ESXi 8.0U3 & Later -- Storage vMotion stays at 33% and then times out with errors -- "Connection closed by remote host, possibly due to timeout." / Migration failed after VM memory precopy
search cancel

ESXi 8.0U3 & Later -- Storage vMotion stays at 33% and then times out with errors -- "Connection closed by remote host, possibly due to timeout." / Migration failed after VM memory precopy

book

Article ID: 395119

calendar_today

Updated On:

Products

VMware vSphere ESXi VMware vSphere ESXi 8.0 VMware vSphere ESX 8.x

Issue/Introduction

Storage vMotion fails with one or both of the following errors: 

  • Failed to read stream keepalive: Connection closed by remote host, possibly due to timeout. Failed to establish transport connection.
  • Migration failed after VM memory precopy. Please check vmkernel log for true error. Timed out waiting for migration data.

 

Failed vMotion is having as Target Datastore one of the following:

  • NVME Over TCP Pure Storage FlashArray
  • NVMe Over FC Pure FlashArray

 

Symptoms - One or more do apply: 

  • Storage vMotion not failed on other Datastore with the same backend storage.
  • Storage vMotion succeeded on the same Datastore on previous installed Build ESXi 8.0U2
  • In the vmware.log of the affected VM, you observe similar messages as the following:

YYYY-MM-DDTHH:MM:SS.XXXZ In(05) worker-3046319 - Disk/File copy started for /vmfs/volumes/<uuid-of-datastore>/<VM name>/<VM name>.vmdk.

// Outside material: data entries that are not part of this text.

(* Under the standing assumptions (in which the $\sigma_l$ are only required to be left- and right-differentiable), with $\lambda>0$, $1\le p<\infty$ and $\Omega\in\{\Omega_{in},\Omega_{out}\}$, for every $B\in\mathbb{R}$ the set of dimension tuples $\mathbf{d}=(d_1,\dots,d_{L-1})$ for which there exists a proper $B$-local minimum $(\mathbf{d},\mathbf{W})$ of $E$ is bounded.
   Context: Network: for dimensions $d_0,\dots,d_L$ and weights $\mathbf{W}=(W_1,\dots,W_L)$, $W_l\in\mathbb{R}^{d_{l-1}\times d_l}$, define for a row vector $x\in\mathbb{R}^{d_0}$: $x_0=x$, $z_l=x_{l-1}W_l$, $x_l=\sigma_l.(z_l)$ (elementwise), $f(\mathbf{W},x)=x_L$; $d_0,d_L$ are fixed and $d_1,\dots,d_{L-1}$ vary. $E(\mathbf{d},\mathbf{W})=\frac{1}{|D|}\sum_{(x,y)\in D}e(f(\mathbf{W},x),y)+\Omega(\mathbf{W},\lambda,p)$ with $D$ a finite dataset of pairs $(x,y)$, $x\in\mathbb{R}^{d_0}$, $y\in Y$. $\Omega_{in}(\mathbf{W},\lambda,p)=\lambda\sum_{l=1}^L\sum_{j=1}^{d_l}\|(W_l(i,j))_{i}\|_p$, $\Omega_{out}(\mathbf{W},\lambda,p)=\lambda\sum_{l=1}^L\sum_{i=1}^{d_{l-1}}\|(W_l(i,j))_{j}\|_p$. Standing assumptions: each $\sigma_l$ is left- and right-differentiable everywhere, and there are functions $b_{1,l},b_{2,l}:\mathbb{R}_{\ge0}\to\mathbb{R}_{\ge0}$ with $|\sigma_l(s)|\le b_{1,l}(S)|s|$ and $|\sigma_l^{\leftarrow}(s)|,|\sigma_l^{\rightarrow}(s)|\le b_{2,l}(S)$ whenever $|s|\le S$; $e$ is nonnegative, differentiable in its first argument, and there is $b_3$ with $e(v,y)\le S\Rightarrow\|\partial e(v,y)/\partial v\|_\infty\le b_3(S)$. Definitions: The fan-in of hidden unit $j$ in layer $l$ ($1\le l\le L-1$) is column $j$ of $W_l$; its fan-out is row $j$ of $W_{l+1}$. A pair $(\mathbf{d},\mathbf{W})$ is a local minimum of $E$ if $\mathbf{W}$ is a local minimum of $E(\mathbf{d},\cdot)$ with $\mathbf{d}$ fixed; it is $B$-locally minimal if moreover $E(\mathbf{d},\mathbf{W})\le B$. The proper dimensionality of $\mathbf{W}$ is the dimension tuple obtained by deleting all hidden units whose fan-in or fan-out (or both) is the zero vector; $(\mathbf{d},\mathbf{W})$ is proper if $\mathbf{d}$ equals the proper dimensionality of $\mathbf{W}$. A proper $B$-local minimum is a $B$-locally minimal local minimum that is proper. *)

From Stdlib Require Import Reals List Arith.
Import ListNotations.
Open Scope R_scope.

(* Vectors in R^n are represented by functions nat -> R, of which only the
   entries of index < n are meaningful. *)

Fixpoint rsum (n : nat) (f : nat -> R) : R :=
  match n with
  | O => 0
  | S k => rsum k f + f k
  end.

(* x^p for x >= 0 and real p > 0, with the convention 0^p = 0 *)
Definition rpow (x p : R) : R :=
  if Rlt_dec 0 x then Rpower x p else 0.

Definition pnorm (p : R) (n : nat) (v : nat -> R) : R :=
  rpow (rsum n (fun i => rpow (Rabs (v i)) p)) (/ p).

Definition right_deriv (f : R -> R) (s D : R) : Prop :=
  forall eps, 0 < eps -> exists delta, 0 < delta /\
    forall h, 0 < h < delta -> Rabs ((f (s + h) - f s) / h - D) < eps.

Definition left_deriv (f : R -> R) (s D : R) : Prop :=
  forall eps, 0 < eps -> exists delta, 0 < delta /\
    forall h, - delta < h < 0 -> Rabs ((f (s + h) - f s) / h - D) < eps.

(* v represents an element of R^n (entries of index >= n vanish) *)
Definition padded (n : nat) (v : nat -> R) : Prop :=
  forall i, (n <= i)%nat -> v i = 0.

Definition is_grad {Y : Type} (n : nat) (e : (nat -> R) -> Y -> R)
    (y : Y) (v g : nat -> R) : Prop :=
  forall eps, 0 < eps -> exists delta, 0 < delta /\
    forall h, padded n h -> (forall i, (i < n)%nat -> Rabs (h i) < delta) ->
      Rabs (e (fun i => v i + h i) y - e v y - rsum n (fun i => g i * h i))
        <= eps * rsum n (fun i => Rabs (h i)).

(* Network: d l = d_l (d 0 = d_0, d L = d_L), W l i j = W_l(i,j) for
   1 <= l <= L, i < d (l-1), j < d l (0-indexed units), sigma l = sigma_l. *)
Fixpoint layer (d : nat -> nat) (sigma : nat -> R -> R)
    (W : nat -> nat -> nat -> R) (x : nat -> R) (l : nat) : nat -> R :=
  match l with
  | O => x
  | S k => fun j =>
      sigma (S k) (rsum (d k) (fun i => layer d sigma W x k i * W (S k) i j))
  end.

Definition net (L : nat) (d : nat -> nat) (sigma : nat -> R -> R)
    (W : nat -> nat -> nat -> R) (x : nat -> R) : nat -> R :=
  fun j => if Nat.ltb j (d L) then layer d sigma W x L j else 0.

Inductive reg_kind := Reg_in | Reg_out.

Definition lsum (L : nat) (F : nat -> R) : R := rsum L (fun k => F (S k)).

Definition Omega (k : reg_kind) (L : nat) (d : nat -> nat)
    (W : nat -> nat -> nat -> R) (lam p : R) : R :=
  match k with
  | Reg_in => lam * lsum L (fun l =>
      rsum (d l) (fun j => pnorm p (d (pred l)) (fun i => W l i j)))
  | Reg_out => lam * lsum L (fun l =>
      rsum (d (pred l)) (fun i => pnorm p (d l) (fun j => W l i j)))
  end.

Definition Eobj {Y : Type} (k : reg_kind) (L : nat) (sigma : nat -> R -> R)
    (e : (nat -> R) -> Y -> R) (D : list ((nat -> R) * Y)) (lam p : R)
    (d : nat -> nat) (W : nat -> nat -> nat -> R) : R :=
  fold_right Rplus 0 (map (fun xy => e (net L d sigma W (fst xy)) (snd xy)) D)
    / INR (length D)
  + Omega k L d W lam p.

Definition local_min {Y : Type} (k : reg_kind) (L : nat) (sigma : nat -> R -> R)
    (e : (nat -> R) -> Y -> R) (D : list ((nat -> R) * Y)) (lam p : R)
    (d : nat -> nat) (W : nat -> nat -> nat -> R) : Prop :=
  exists eps, 0 < eps /\
    forall W' : nat -> nat -> nat -> R,
      (forall l i j, (1 <= l <= L)%nat -> (i < d (pred l))%nat -> (j < d l)%nat ->
         Rabs (W' l i j - W l i j) < eps) ->
      Eobj k L sigma e D lam p d W <= Eobj k L sigma e D lam p d W'.

Fixpoint nonzero_vec (n : nat) (v : nat -> R) : bool :=
  match n with
  | O => false
  | S k => orb (nonzero_vec k v) (if Req_EM_T (v k) 0 then false else true)
  end.

Fixpoint countb (n : nat) (P : nat -> bool) : nat :=
  match n with
  | O => O
  | S k => (countb k P + (if P k then 1 else 0))%nat
  end.

(* proper dimensionality of W: hidden unit j of layer l (1 <= l <= L-1) is
   kept iff its fan-in (column j of W_l) and its fan-out (row j of W_{l+1})
   are both nonzero; d_0 and d_L are unchanged. *)
Definition proper_dim (L : nat) (d : nat -> nat) (W : nat -> nat -> nat -> R)
    (l : nat) : nat :=
  if andb (Nat.ltb 0 l) (Nat.ltb l L) then
    countb (d l) (fun j =>
      andb (nonzero_vec (d (pred l)) (fun i => W l i j))
           (nonzero_vec (d (S l)) (fun k => W (S l) j k)))
  else d l.

Definition proper (L : nat) (d : nat -> nat) (W : nat -> nat -> nat -> R) : Prop :=
  forall l, (l <= L)%nat -> proper_dim L d W l = d l.

Definition proper_B_local_min {Y : Type} (k : reg_kind) (L : nat)
    (sigma : nat -> R -> R) (e : (nat -> R) -> Y -> R)
    (D : list ((nat -> R) * Y)) (lam p B : R)
    (d : nat -> nat) (W : nat -> nat -> nat -> R) : Prop :=
  local_min k L sigma e D lam p d W /\
  Eobj k L sigma e D lam p d W <= B /\
  proper L d W.

(* At a proper local minimum every hidden unit is live: its fan-in and fan-out are both nonzero.
   Shrinking the fan-in (for Omega_in) or the fan-out (for Omega_out) of a unit by the factor
   [1 - t] lowers the regulariser by [lam t P], with [P > 0] the p-norm of the shrunk vector.
   Because [E <= B] bounds all weights, hence all activations, and the one-sided derivatives of
   the [sigma_l] then bound their Lipschitz constants, the output of the network moves by at most
   [t K P r], where [r] is the l1-norm of the other side of the unit and [K] depends only on the
   data, [B] and [lam]. Local minimality therefore gives [r >= lam / ((b3 + 1) K + 1)] for every
   hidden unit. As the p-norms of the fan-ins of layer [l+1] (resp. fan-outs of layer [l-1]) sum
   to at most [|B| / lam], counting bounds [d_l] in terms of [d_(l+1)] (resp. [d_(l-1)]), and
   induction from [d_L] (resp. [d_0]) bounds every hidden dimension. *)

From Stdlib Require Import Reals List Lra Lia Psatz FunctionalExtensionality Classical.
Open Scope R_scope.

Lemma rsum_ext n f g : (forall i, (i < n)%nat -> f i = g i) -> rsum n f = rsum n g.
Proof.
  induction n as [|n IH]; intros H; simpl; auto.
  rewrite IH by (intros; apply H; lia); rewrite H by lia; reflexivity.
Qed.

Lemma rsum_le n f g : (forall i, (i < n)%nat -> f i <= g i) -> rsum n f <= rsum n g.
Proof.
  induction n as [|n IH]; intros H; simpl; [lra|].
  pose proof (H n ltac:(lia)); pose proof (IH ltac:(intros; apply H; lia)); lra.
Qed.

Lemma rsum_zero n : rsum n (fun _ => 0) = 0.
Proof. induction n as [|n IH]; simpl; [|rewrite IH]; ring. Qed.

Lemma rsum_nonneg n f : (forall i, (i < n)%nat -> 0 <= f i) -> 0 <= rsum n f.
Proof. intros H; rewrite <- (rsum_zero n); now apply rsum_le. Qed.

Lemma rsum_plus n f g : rsum n (fun i => f i + g i) = rsum n f + rsum n g.
Proof. induction n as [|n IH]; simpl; [|rewrite IH]; ring. Qed.

Lemma rsum_minus n f g : rsum n (fun i => f i - g i) = rsum n f - rsum n g.
Proof. induction n as [|n IH]; simpl; [|rewrite IH]; ring. Qed.

Lemma rsum_scal_l n c f : rsum n (fun i => c * f i) = c * rsum n f.
Proof. induction n as [|n IH]; simpl; [|rewrite IH]; ring. Qed.

Lemma rsum_scal_r n c f : rsum n (fun i => f i * c) = rsum n f * c.
Proof. induction n as [|n IH]; simpl; [|rewrite IH]; ring. Qed.

Lemma rsum_const n c : rsum n (fun _ => c) = INR n * c.
Proof. induction n as [|n IH]; simpl rsum; [simpl|rewrite IH, S_INR]; ring. Qed.

Lemma rsum_abs n f : Rabs (rsum n f) <= rsum n (fun i => Rabs (f i)).
Proof.
  induction n as [|n IH]; simpl; [rewrite Rabs_R0; lra|].
  eapply Rle_trans; [apply Rabs_triang | lra].
Qed.

Lemma rsum_term_le n f j :
  (j < n)%nat -> (forall i, (i < n)%nat -> 0 <= f i) -> f j <= rsum n f.
Proof.
  induction n as [|n IH]; intros Hj H; [lia|]; simpl.
  assert (Hrest : 0 <= rsum n f) by (apply rsum_nonneg; intros; apply H; lia).
  destruct (Nat.eq_dec j n) as [->|Hne]; [lra|].
  pose proof (IH ltac:(lia) ltac:(intros; apply H; lia)); pose proof (H n ltac:(lia)); lra.
Qed.

Lemma rsum_swap n m (f : nat -> nat -> R) :
  rsum n (fun i => rsum m (fun j => f i j)) = rsum m (fun j => rsum n (fun i => f i j)).
Proof.
  induction n as [|n IH]; simpl; [now rewrite rsum_zero|].
  now rewrite IH, <- rsum_plus.
Qed.

Lemma rsum_single n f j :
  (j < n)%nat -> (forall i, (i < n)%nat -> i <> j -> f i = 0) -> rsum n f = f j.
Proof.
  induction n as [|n IH]; intros Hj H; [lia|]; simpl.
  destruct (Nat.eq_dec j n) as [->|Hne].
  - rewrite (rsum_ext n f (fun _ => 0)), rsum_zero by (intros; apply H; lia); ring.
  - rewrite IH, (H n) by (auto; lia); ring.
Qed.

Lemma rsum_update n f g j :
  (j < n)%nat -> (forall i, (i < n)%nat -> i <> j -> f i = g i) ->
  rsum n g = rsum n f + (g j - f j).
Proof.
  intros Hj H.
  assert (Hd : rsum n (fun i => g i - f i) = g j - f j).
  { apply (rsum_single n (fun i => g i - f i)); auto.
    intros i Hi Hne; rewrite H; auto; ring. }
  rewrite rsum_minus in Hd; lra.
Qed.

YYYY-MM-DDTHH:MM:SS.XXXZ Wa(03) vmx - SVMotion: scsi0:0: Disk transfer rate slow: 0 kB/s over the last 10.00 seconds, copied total 0 MB at 0 kB/s.

YYYY-MM-DDTHH:MM:SS.XXXZ In(05) worker-3046545 - Migrate: Remote Log: Destination waited for 130.23 seconds.

YYYY-MM-DDTHH:MM:SS.XXXZ In(05) vmx - [msg.migrate.fail.source.afterPrecopy] Migration failed after VM memory precopy. Please check vmkernel log for true error.

 
  • In vmkernel.log, you can observe similar message as the following:

    YYYY-MM-DDTHH:MM:SS.XXXZ Wa(180) vmkwarning: cpu39:2104613)WARNING: NVMEIO:2644 command 0x45ba31874cc0 failed: ctlr 262, queue 6, psaCmd 0x45ba38ae5840,status 0x6, opc 0x19, cid 45, nsid 36

opc 0x19:     XCOPY command
status 0x6:   Storage controller returned to XCOPY command, which means GC internal error and is retriable.
 


 

Environment

ESXi 8.0 U3 & later

Cause

The issue is related to Storage Level Replication on PURE Storage. 
 
According to official PURE Storage documentation, XCOPY does not work together with ActiveDR (= Storage Level Replication)
The Storage controller (= vmhba) will return an invalid opcode if the Backend Storage (= PURE Storage) does not support XCOPY.
This will inform ESXi to retry I/O without XCOPY.

 

Resolution

Check with PURE Storage or disable XCOPY as a workaround.

Additional Information

 
 
 
"XCOPY is one of the VAAI primitives that is used for offloading tasks to the storage array.
For example, you can use XCOPY to offload such operations as migration or cloning of virtual machines to the array
instead of consuming vSphere resources to perform these tasks."
Reference Broadcom Docs
 
Disabling XCOPY will result in losing these benefits.